**TASK INPUT**
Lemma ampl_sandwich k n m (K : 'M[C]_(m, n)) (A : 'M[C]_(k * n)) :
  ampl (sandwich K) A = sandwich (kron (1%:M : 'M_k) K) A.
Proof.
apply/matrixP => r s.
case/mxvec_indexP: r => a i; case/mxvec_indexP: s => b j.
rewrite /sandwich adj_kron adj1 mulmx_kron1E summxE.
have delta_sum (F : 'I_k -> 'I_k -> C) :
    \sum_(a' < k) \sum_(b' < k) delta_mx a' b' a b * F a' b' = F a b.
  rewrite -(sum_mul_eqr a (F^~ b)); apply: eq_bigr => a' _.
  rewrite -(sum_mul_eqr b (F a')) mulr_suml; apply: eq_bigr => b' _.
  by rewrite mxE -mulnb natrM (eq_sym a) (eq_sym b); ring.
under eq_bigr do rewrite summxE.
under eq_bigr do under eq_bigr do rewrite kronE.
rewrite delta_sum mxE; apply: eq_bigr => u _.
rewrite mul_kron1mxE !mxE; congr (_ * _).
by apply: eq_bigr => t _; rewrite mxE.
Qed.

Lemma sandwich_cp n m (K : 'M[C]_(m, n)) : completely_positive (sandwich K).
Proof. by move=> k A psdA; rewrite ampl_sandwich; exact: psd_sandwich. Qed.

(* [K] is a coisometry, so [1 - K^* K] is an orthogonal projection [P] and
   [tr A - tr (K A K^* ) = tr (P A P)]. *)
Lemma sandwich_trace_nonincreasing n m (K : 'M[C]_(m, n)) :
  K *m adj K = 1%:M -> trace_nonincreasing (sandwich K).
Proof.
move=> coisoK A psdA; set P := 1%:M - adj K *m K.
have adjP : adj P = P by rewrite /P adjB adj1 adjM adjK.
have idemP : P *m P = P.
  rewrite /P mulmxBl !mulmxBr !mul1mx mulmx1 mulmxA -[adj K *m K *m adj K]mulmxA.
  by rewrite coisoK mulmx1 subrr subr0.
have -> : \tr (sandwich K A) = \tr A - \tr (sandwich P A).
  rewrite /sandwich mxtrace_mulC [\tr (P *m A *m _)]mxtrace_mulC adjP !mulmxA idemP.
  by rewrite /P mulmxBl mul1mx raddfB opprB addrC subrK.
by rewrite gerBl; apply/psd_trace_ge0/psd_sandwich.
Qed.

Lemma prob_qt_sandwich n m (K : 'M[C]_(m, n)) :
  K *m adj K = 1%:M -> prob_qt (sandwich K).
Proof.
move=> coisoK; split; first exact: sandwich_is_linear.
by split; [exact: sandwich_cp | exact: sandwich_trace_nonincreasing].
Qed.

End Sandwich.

==

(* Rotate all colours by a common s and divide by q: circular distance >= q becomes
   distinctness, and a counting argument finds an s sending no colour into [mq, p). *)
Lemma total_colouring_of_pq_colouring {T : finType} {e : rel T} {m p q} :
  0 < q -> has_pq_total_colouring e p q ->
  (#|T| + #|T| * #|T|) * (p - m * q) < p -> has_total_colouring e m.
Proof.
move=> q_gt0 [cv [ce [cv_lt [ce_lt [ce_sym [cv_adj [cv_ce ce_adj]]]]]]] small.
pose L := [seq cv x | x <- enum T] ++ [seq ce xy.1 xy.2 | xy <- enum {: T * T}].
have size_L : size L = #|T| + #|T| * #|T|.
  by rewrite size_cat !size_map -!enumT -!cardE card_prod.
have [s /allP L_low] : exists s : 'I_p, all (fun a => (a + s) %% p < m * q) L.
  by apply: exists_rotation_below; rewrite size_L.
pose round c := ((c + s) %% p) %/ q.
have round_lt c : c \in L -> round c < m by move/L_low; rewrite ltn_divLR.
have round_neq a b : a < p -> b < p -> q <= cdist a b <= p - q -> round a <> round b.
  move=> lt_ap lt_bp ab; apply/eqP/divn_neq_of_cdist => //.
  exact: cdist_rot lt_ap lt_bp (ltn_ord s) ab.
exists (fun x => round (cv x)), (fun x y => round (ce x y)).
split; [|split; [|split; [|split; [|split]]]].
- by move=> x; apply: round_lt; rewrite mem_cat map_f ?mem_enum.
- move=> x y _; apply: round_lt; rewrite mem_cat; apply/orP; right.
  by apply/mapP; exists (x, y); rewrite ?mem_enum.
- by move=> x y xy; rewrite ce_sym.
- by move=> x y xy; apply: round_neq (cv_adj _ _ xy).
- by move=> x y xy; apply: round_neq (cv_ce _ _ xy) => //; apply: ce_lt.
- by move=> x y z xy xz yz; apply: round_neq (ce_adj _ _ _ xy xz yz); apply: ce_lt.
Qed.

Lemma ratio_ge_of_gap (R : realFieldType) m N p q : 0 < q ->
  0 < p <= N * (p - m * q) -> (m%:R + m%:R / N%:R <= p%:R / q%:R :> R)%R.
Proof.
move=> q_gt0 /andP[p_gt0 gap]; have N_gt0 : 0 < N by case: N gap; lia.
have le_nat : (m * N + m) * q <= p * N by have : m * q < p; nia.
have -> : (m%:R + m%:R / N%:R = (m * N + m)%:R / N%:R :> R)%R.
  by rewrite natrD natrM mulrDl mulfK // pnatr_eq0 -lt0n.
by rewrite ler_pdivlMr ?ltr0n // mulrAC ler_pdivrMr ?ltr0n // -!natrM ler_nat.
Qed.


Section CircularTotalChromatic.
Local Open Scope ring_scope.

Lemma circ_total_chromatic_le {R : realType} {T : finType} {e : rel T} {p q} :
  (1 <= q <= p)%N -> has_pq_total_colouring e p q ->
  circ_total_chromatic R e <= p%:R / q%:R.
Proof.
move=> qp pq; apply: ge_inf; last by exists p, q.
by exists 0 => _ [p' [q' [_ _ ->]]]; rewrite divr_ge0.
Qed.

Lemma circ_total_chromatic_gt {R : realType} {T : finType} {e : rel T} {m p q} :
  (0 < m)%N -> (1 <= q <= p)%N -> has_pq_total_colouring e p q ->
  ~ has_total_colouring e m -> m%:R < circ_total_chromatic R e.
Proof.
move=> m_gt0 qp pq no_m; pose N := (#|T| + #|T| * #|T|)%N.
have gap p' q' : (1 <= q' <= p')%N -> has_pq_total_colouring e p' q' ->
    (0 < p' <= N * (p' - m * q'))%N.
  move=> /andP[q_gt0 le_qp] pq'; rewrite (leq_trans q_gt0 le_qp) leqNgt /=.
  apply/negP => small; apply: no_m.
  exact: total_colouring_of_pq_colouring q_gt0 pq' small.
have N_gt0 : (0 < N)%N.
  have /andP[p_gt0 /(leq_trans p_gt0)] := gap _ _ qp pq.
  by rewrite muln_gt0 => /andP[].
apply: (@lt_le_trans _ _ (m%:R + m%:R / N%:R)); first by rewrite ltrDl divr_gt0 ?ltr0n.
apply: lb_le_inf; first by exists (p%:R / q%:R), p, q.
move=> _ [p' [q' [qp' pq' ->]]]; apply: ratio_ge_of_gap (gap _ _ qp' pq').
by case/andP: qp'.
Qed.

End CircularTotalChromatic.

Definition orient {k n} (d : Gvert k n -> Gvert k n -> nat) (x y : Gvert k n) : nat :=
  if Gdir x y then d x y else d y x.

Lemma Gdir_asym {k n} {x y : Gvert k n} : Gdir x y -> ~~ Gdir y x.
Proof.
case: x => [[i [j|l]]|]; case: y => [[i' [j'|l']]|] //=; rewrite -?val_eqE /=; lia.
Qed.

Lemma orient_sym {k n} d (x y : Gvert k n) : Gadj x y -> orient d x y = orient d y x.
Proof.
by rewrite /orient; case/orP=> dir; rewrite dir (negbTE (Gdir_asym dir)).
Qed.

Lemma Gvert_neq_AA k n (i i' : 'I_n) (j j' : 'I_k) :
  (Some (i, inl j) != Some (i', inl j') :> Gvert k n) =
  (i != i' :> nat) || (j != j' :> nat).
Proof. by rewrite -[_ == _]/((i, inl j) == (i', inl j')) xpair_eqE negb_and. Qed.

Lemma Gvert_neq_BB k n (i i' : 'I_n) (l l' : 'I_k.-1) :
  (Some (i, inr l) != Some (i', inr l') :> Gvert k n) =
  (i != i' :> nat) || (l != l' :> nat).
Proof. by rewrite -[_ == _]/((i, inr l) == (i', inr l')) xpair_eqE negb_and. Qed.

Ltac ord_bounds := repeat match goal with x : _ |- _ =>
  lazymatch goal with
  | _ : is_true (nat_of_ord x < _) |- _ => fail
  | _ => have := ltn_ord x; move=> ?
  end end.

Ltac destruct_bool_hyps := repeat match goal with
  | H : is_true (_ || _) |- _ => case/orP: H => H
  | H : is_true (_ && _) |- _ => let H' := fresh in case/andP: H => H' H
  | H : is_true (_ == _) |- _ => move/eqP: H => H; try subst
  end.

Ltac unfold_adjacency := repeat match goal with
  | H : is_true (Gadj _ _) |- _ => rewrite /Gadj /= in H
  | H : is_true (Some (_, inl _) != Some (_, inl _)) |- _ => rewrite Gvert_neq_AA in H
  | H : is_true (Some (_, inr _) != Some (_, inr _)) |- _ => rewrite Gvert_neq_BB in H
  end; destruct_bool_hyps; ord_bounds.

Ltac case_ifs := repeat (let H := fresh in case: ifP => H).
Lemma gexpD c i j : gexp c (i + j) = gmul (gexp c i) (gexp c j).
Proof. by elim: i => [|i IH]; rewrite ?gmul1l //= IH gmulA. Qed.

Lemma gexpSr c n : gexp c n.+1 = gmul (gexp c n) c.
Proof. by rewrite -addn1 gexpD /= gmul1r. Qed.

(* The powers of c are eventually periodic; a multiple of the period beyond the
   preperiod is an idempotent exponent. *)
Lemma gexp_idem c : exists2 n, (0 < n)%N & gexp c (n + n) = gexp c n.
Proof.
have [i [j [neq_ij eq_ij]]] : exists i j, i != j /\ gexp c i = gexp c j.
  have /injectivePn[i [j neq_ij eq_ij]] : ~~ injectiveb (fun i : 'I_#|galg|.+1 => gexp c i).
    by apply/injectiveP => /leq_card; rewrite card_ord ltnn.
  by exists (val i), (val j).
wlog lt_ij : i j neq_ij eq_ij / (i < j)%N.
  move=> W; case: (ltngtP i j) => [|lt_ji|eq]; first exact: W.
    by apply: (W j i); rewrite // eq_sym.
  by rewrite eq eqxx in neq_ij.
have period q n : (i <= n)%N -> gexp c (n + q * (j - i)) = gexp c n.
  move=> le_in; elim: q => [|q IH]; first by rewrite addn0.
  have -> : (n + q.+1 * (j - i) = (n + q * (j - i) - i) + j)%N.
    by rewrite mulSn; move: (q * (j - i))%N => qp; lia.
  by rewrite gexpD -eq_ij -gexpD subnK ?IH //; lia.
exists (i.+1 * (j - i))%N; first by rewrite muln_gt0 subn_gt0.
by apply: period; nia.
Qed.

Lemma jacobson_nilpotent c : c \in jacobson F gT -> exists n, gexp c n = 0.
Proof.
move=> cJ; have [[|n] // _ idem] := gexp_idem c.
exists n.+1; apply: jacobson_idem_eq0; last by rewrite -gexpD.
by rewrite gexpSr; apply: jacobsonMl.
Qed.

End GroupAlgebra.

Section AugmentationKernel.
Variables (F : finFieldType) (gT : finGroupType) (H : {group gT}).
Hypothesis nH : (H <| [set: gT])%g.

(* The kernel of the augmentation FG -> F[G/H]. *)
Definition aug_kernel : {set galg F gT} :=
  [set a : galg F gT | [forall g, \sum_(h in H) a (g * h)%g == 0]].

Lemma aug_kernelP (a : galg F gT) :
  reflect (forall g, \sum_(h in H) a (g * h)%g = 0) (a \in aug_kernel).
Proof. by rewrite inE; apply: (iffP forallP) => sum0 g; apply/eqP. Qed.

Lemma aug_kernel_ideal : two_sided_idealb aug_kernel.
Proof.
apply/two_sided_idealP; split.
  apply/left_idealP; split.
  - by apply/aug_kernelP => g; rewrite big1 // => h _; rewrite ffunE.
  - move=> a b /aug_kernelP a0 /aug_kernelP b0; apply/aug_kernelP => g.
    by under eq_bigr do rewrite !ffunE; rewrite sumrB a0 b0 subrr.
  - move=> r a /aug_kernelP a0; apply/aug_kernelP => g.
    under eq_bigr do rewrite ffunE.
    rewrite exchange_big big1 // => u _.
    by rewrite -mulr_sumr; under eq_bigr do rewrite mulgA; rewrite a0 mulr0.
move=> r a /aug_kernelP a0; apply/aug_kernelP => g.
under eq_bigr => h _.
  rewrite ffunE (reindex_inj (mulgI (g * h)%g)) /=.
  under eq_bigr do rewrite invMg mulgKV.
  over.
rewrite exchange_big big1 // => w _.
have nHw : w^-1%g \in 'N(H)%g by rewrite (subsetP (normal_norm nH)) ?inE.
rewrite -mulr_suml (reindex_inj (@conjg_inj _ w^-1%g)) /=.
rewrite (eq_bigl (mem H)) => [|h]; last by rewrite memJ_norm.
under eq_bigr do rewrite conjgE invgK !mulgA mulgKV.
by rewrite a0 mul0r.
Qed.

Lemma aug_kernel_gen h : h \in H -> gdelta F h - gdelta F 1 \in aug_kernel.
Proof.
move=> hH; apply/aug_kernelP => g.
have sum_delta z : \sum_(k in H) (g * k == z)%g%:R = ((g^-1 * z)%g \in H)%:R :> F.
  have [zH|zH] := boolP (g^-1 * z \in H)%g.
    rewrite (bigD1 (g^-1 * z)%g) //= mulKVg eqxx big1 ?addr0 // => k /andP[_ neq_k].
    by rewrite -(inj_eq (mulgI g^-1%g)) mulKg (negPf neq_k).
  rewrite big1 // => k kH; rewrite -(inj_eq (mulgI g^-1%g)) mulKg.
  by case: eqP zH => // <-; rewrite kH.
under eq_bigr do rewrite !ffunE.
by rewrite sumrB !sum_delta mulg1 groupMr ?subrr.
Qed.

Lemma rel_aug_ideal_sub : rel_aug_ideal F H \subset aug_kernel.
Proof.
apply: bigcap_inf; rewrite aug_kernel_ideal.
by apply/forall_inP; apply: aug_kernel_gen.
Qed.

---

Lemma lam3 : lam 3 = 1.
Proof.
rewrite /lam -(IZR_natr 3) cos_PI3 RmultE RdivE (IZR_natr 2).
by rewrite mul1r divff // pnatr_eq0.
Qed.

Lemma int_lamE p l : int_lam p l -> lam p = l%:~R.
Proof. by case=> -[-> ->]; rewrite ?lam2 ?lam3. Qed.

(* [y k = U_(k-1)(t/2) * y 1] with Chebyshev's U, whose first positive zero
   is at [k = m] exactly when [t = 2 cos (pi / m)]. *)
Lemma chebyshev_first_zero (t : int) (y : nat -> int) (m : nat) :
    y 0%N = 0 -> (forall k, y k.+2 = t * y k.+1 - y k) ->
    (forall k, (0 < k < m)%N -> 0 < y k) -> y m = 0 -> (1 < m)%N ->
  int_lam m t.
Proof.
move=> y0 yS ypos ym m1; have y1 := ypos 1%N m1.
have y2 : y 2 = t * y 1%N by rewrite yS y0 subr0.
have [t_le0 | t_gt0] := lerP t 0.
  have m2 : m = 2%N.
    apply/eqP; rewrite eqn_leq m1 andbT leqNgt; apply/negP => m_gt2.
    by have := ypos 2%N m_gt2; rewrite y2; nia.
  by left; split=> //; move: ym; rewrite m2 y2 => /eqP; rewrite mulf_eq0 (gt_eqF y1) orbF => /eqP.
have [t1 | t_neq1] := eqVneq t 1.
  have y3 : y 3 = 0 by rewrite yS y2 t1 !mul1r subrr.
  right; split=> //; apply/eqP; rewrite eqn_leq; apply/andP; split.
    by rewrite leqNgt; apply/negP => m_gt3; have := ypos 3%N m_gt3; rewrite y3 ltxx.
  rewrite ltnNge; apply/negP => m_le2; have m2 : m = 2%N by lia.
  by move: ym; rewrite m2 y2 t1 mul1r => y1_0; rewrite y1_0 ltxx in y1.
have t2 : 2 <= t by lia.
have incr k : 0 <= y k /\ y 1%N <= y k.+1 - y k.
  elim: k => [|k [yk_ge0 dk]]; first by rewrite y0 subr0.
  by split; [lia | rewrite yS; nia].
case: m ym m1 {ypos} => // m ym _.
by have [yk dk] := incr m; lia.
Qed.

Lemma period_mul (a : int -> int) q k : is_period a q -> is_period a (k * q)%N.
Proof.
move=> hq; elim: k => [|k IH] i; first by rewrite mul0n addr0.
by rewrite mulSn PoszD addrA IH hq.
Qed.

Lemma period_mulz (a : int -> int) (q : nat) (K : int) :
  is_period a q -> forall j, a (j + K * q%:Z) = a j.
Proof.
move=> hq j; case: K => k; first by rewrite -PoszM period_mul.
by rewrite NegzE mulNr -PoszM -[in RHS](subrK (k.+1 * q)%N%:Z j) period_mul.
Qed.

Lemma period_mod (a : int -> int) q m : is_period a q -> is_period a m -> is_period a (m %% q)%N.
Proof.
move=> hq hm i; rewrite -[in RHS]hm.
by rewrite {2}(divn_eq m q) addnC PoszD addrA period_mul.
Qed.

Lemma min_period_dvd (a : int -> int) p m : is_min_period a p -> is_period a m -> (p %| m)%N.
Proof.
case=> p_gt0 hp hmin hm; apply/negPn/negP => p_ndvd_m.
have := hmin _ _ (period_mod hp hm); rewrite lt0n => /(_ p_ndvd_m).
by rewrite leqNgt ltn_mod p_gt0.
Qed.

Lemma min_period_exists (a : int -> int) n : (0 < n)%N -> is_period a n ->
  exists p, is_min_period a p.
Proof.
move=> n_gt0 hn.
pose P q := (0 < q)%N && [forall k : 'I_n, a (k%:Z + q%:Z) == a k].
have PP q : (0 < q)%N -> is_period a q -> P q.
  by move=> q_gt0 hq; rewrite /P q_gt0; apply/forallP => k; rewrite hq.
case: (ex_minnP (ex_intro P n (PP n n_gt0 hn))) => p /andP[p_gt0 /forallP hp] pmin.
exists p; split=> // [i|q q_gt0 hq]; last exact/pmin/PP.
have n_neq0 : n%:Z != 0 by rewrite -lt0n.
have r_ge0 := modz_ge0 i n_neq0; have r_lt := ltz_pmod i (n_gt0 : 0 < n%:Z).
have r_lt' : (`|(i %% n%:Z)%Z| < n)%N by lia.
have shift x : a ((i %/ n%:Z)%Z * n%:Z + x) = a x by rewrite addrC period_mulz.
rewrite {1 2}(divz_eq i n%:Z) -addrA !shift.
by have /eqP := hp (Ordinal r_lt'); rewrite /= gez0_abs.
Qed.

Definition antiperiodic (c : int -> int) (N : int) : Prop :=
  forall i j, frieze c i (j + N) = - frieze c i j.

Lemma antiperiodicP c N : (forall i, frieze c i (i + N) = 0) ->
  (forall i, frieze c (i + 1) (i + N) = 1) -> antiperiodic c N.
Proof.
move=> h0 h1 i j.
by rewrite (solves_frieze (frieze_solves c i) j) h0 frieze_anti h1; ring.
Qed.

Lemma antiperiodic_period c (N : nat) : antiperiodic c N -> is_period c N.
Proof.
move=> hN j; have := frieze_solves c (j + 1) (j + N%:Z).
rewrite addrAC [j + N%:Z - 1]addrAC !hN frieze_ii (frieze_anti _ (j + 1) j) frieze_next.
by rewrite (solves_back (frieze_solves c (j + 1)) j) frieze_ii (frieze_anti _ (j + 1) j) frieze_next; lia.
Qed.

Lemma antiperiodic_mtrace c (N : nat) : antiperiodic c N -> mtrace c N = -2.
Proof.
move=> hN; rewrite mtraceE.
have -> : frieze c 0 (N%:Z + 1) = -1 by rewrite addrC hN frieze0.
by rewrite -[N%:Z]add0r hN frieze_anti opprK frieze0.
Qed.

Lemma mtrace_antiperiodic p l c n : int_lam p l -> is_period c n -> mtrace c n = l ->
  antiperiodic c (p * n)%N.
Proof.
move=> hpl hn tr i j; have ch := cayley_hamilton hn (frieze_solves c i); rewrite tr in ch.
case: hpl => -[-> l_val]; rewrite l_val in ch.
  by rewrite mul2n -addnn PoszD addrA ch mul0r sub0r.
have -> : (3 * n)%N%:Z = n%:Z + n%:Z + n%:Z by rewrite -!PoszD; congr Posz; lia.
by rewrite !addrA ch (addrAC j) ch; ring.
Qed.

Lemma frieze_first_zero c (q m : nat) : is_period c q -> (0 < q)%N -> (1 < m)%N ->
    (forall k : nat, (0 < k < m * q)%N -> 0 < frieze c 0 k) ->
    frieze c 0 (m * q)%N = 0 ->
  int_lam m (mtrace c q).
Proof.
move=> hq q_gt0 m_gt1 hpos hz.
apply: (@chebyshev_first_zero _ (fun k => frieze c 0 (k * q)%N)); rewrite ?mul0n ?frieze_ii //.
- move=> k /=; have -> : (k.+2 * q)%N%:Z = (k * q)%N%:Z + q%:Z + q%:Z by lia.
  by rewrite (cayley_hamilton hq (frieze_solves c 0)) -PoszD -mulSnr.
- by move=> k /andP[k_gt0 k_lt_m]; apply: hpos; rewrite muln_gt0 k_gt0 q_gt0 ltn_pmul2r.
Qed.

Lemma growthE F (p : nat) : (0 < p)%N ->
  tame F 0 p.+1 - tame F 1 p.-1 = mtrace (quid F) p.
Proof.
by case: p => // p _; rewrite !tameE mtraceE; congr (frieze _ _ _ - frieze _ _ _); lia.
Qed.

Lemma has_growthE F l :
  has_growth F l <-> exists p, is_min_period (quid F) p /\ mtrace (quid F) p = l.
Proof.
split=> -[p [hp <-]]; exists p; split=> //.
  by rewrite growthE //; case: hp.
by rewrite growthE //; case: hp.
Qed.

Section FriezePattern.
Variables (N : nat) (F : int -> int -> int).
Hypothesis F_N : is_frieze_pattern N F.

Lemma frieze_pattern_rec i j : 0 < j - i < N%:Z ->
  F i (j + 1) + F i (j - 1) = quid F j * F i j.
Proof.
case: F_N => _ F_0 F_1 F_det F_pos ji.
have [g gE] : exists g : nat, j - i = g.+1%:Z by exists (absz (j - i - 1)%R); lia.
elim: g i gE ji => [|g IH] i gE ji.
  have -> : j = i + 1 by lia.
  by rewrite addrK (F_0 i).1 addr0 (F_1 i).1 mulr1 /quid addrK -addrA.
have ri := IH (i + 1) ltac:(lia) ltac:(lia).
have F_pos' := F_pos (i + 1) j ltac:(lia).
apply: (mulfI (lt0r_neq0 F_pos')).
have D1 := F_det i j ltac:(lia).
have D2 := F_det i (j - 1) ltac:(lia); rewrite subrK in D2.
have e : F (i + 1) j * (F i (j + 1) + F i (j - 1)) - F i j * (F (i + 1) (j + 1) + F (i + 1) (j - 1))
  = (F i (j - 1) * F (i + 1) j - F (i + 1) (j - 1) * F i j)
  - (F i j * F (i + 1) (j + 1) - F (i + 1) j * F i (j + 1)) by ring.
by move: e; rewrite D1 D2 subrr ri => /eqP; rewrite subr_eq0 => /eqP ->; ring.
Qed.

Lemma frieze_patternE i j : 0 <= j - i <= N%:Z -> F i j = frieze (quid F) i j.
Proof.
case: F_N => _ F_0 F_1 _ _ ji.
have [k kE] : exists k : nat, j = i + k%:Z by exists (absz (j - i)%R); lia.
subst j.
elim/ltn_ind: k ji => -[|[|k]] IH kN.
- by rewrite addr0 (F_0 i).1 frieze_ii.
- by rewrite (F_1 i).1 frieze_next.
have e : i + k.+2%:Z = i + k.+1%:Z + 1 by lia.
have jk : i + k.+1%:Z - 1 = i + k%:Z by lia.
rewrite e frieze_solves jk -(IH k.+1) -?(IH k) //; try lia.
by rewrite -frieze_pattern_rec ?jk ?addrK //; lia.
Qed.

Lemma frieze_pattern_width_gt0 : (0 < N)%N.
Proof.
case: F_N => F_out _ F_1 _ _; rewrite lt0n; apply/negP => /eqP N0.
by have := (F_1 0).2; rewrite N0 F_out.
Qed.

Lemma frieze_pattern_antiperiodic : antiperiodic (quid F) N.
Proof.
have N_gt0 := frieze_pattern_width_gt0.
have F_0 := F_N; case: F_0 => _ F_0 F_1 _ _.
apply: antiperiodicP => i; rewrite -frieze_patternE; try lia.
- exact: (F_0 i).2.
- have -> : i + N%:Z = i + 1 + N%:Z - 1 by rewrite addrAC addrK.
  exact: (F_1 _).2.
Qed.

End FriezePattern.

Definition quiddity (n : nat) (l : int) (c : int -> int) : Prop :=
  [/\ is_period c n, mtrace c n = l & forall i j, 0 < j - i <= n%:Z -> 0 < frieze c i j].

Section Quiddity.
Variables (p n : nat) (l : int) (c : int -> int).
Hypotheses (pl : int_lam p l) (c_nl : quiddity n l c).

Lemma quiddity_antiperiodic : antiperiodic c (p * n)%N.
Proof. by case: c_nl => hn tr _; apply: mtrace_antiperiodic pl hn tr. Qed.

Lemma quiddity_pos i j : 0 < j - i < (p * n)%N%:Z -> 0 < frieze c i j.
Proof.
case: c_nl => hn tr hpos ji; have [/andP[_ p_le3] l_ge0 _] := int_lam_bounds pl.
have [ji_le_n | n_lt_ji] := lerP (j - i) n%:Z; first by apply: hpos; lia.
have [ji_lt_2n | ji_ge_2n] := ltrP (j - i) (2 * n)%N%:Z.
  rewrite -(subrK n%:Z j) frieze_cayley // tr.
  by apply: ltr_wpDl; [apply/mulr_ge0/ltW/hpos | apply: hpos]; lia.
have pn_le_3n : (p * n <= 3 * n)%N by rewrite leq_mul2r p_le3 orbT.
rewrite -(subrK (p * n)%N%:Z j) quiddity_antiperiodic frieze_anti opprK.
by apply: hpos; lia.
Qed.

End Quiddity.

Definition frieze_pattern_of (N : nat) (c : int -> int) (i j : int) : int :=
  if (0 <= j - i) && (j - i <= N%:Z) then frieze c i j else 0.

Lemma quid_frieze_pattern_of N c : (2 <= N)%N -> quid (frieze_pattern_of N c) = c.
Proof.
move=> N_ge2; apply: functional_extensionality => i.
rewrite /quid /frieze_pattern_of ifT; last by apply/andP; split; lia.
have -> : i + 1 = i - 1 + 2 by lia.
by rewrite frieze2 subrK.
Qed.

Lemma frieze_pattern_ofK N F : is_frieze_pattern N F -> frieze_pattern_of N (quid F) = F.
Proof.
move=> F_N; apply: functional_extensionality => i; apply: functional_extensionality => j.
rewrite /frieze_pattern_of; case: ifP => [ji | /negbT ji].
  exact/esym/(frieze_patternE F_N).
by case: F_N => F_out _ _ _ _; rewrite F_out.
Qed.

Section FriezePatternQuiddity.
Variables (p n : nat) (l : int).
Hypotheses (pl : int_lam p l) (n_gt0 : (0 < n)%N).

**WHAT THE EXERCISE ASKS**
Give the exact lines, and only those, from the line containing "have [ji_lt_2n |" through the line containing "Variables (p n : nat) (l : int)." in the entries above.

**EXPECTED OUTPUT**
have [ji_lt_2n | ji_ge_2n] := ltrP (j - i) (2 * n)%N%:Z.
  rewrite -(subrK n%:Z j) frieze_cayley // tr.
  by apply: ltr_wpDl; [apply/mulr_ge0/ltW/hpos | apply: hpos]; lia.
have pn_le_3n : (p * n <= 3 * n)%N by rewrite leq_mul2r p_le3 orbT.
rewrite -(subrK (p * n)%N%:Z j) quiddity_antiperiodic frieze_anti opprK.
by apply: hpos; lia.
Qed.

End Quiddity.

Definition frieze_pattern_of (N : nat) (c : int -> int) (i j : int) : int :=
  if (0 <= j - i) && (j - i <= N%:Z) then frieze c i j else 0.

Lemma quid_frieze_pattern_of N c : (2 <= N)%N -> quid (frieze_pattern_of N c) = c.
Proof.
move=> N_ge2; apply: functional_extensionality => i.
rewrite /quid /frieze_pattern_of ifT; last by apply/andP; split; lia.
have -> : i + 1 = i - 1 + 2 by lia.
by rewrite frieze2 subrK.
Qed.

Lemma frieze_pattern_ofK N F : is_frieze_pattern N F -> frieze_pattern_of N (quid F) = F.
Proof.
move=> F_N; apply: functional_extensionality => i; apply: functional_extensionality => j.
rewrite /frieze_pattern_of; case: ifP => [ji | /negbT ji].
  exact/esym/(frieze_patternE F_N).
by case: F_N => F_out _ _ _ _; rewrite F_out.
Qed.

Section FriezePatternQuiddity.
Variables (p n : nat) (l : int).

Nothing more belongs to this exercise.